++++ The data ++++

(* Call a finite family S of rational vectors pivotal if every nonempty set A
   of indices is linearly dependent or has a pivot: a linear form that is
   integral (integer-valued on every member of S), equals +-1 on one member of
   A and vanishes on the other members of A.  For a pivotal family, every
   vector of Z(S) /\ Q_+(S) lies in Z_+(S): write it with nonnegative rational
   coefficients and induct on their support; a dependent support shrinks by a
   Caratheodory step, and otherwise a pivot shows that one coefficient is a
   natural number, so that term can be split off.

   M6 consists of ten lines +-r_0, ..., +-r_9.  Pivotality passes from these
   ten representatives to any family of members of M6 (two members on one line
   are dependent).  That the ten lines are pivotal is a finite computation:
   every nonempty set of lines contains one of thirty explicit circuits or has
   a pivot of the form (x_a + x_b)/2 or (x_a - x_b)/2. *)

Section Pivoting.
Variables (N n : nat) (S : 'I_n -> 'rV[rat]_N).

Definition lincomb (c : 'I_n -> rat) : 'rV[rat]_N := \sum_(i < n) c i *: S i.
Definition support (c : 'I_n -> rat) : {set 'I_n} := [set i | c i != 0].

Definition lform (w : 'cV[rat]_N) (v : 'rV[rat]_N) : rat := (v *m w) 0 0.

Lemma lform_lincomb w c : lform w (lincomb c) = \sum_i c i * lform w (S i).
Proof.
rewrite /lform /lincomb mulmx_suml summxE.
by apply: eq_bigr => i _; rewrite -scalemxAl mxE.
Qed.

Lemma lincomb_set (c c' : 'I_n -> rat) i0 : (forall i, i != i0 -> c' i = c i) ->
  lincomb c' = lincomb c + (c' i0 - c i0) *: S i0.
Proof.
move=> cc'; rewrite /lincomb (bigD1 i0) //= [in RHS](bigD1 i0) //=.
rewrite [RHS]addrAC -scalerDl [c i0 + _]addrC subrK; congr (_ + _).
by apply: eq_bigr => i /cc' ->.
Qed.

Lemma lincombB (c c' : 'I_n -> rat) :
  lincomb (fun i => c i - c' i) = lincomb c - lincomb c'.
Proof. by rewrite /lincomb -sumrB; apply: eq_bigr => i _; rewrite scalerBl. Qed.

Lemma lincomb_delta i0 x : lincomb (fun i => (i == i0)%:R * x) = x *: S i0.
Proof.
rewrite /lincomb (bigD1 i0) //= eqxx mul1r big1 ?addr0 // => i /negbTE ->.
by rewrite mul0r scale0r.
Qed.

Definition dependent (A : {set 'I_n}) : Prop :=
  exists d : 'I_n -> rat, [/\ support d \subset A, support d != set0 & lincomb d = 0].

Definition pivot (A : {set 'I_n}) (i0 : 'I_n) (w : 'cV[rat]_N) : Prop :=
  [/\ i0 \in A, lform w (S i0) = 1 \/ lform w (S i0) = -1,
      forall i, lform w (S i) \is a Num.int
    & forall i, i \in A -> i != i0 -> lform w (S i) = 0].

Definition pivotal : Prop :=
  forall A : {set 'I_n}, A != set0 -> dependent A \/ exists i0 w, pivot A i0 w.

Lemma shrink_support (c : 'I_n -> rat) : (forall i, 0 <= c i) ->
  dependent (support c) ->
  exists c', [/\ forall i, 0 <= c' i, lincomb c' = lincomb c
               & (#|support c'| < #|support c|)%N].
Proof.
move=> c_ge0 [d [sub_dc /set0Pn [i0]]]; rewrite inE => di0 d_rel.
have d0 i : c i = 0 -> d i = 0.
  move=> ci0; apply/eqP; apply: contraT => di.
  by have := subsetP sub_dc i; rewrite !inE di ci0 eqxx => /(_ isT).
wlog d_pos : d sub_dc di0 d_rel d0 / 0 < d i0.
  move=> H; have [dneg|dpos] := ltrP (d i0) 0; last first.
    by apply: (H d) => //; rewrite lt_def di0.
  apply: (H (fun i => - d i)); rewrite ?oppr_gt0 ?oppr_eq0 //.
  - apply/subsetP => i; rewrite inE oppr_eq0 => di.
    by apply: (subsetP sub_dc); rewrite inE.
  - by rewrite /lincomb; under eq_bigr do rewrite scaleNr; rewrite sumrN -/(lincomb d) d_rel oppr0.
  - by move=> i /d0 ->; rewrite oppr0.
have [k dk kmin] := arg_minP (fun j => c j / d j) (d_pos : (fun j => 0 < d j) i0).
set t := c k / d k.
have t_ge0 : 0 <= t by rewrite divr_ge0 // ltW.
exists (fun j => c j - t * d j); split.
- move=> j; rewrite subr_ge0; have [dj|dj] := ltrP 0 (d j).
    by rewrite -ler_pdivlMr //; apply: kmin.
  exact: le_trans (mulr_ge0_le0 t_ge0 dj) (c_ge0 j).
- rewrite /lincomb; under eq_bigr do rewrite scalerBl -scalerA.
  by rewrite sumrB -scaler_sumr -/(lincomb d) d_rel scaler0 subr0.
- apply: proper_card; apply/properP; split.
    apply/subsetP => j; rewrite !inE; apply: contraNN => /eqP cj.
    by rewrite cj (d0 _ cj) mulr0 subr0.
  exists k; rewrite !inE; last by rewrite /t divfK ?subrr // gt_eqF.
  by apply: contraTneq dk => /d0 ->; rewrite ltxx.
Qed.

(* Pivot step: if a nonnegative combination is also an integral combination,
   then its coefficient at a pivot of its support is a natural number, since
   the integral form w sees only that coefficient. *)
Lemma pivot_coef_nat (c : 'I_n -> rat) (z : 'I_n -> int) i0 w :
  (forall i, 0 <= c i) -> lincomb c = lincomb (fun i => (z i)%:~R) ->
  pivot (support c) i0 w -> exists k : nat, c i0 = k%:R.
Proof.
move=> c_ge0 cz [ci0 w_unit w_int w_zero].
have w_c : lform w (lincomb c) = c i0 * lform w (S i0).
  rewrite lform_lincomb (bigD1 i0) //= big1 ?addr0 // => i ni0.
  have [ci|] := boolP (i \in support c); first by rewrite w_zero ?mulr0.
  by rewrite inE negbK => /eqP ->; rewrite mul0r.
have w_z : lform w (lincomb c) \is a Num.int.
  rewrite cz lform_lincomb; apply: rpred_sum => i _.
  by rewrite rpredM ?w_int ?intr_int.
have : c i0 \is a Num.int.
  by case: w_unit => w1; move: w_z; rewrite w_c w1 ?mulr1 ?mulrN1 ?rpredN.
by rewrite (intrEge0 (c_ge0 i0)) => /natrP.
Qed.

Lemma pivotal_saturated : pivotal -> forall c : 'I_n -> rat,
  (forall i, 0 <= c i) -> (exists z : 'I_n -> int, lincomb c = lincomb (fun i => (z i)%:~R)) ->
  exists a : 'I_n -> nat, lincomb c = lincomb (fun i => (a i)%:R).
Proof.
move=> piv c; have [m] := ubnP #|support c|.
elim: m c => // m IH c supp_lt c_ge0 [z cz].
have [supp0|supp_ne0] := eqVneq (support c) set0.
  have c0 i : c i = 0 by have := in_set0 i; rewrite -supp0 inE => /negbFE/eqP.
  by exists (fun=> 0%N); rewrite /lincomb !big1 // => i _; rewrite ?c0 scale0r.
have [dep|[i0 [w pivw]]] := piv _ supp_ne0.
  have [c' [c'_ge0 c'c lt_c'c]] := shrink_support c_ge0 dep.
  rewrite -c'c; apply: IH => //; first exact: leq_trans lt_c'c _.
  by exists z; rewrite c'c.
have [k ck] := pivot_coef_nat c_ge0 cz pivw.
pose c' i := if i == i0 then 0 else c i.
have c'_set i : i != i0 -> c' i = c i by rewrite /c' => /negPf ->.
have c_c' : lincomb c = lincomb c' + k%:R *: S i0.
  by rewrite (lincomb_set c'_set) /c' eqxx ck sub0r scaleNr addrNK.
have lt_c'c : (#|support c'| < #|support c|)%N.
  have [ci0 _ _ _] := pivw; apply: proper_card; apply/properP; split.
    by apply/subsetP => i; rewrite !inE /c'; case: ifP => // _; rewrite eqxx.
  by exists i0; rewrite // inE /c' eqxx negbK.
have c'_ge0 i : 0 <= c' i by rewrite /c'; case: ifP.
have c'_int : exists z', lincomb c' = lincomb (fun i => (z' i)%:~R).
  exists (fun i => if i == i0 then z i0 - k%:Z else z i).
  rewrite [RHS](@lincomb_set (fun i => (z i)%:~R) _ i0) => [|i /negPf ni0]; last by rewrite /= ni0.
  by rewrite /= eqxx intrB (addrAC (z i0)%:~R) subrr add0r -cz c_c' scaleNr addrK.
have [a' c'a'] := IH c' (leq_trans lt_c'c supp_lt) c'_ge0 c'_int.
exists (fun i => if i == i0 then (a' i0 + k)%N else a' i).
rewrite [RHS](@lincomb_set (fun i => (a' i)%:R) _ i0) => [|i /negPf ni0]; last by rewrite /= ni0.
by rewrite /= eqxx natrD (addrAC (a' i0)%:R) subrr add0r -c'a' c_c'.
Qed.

++++

### Action item:
Transcribe the records above exactly, beginning at the line that contains "by rewrite (lincomb_set" and ending with the line that contains "exists (fun i => if i == i0 then z", both included, and nothing else.

### Exercise response:
  by rewrite (lincomb_set c'_set) /c' eqxx ck sub0r scaleNr addrNK.
have lt_c'c : (#|support c'| < #|support c|)%N.
  have [ci0 _ _ _] := pivw; apply: proper_card; apply/properP; split.
    by apply/subsetP => i; rewrite !inE /c'; case: ifP => // _; rewrite eqxx.
  by exists i0; rewrite // inE /c' eqxx negbK.
have c'_ge0 i : 0 <= c' i by rewrite /c'; case: ifP.
have c'_int : exists z', lincomb c' = lincomb (fun i => (z' i)%:~R).
  exists (fun i => if i == i0 then z i0 - k%:Z else z i).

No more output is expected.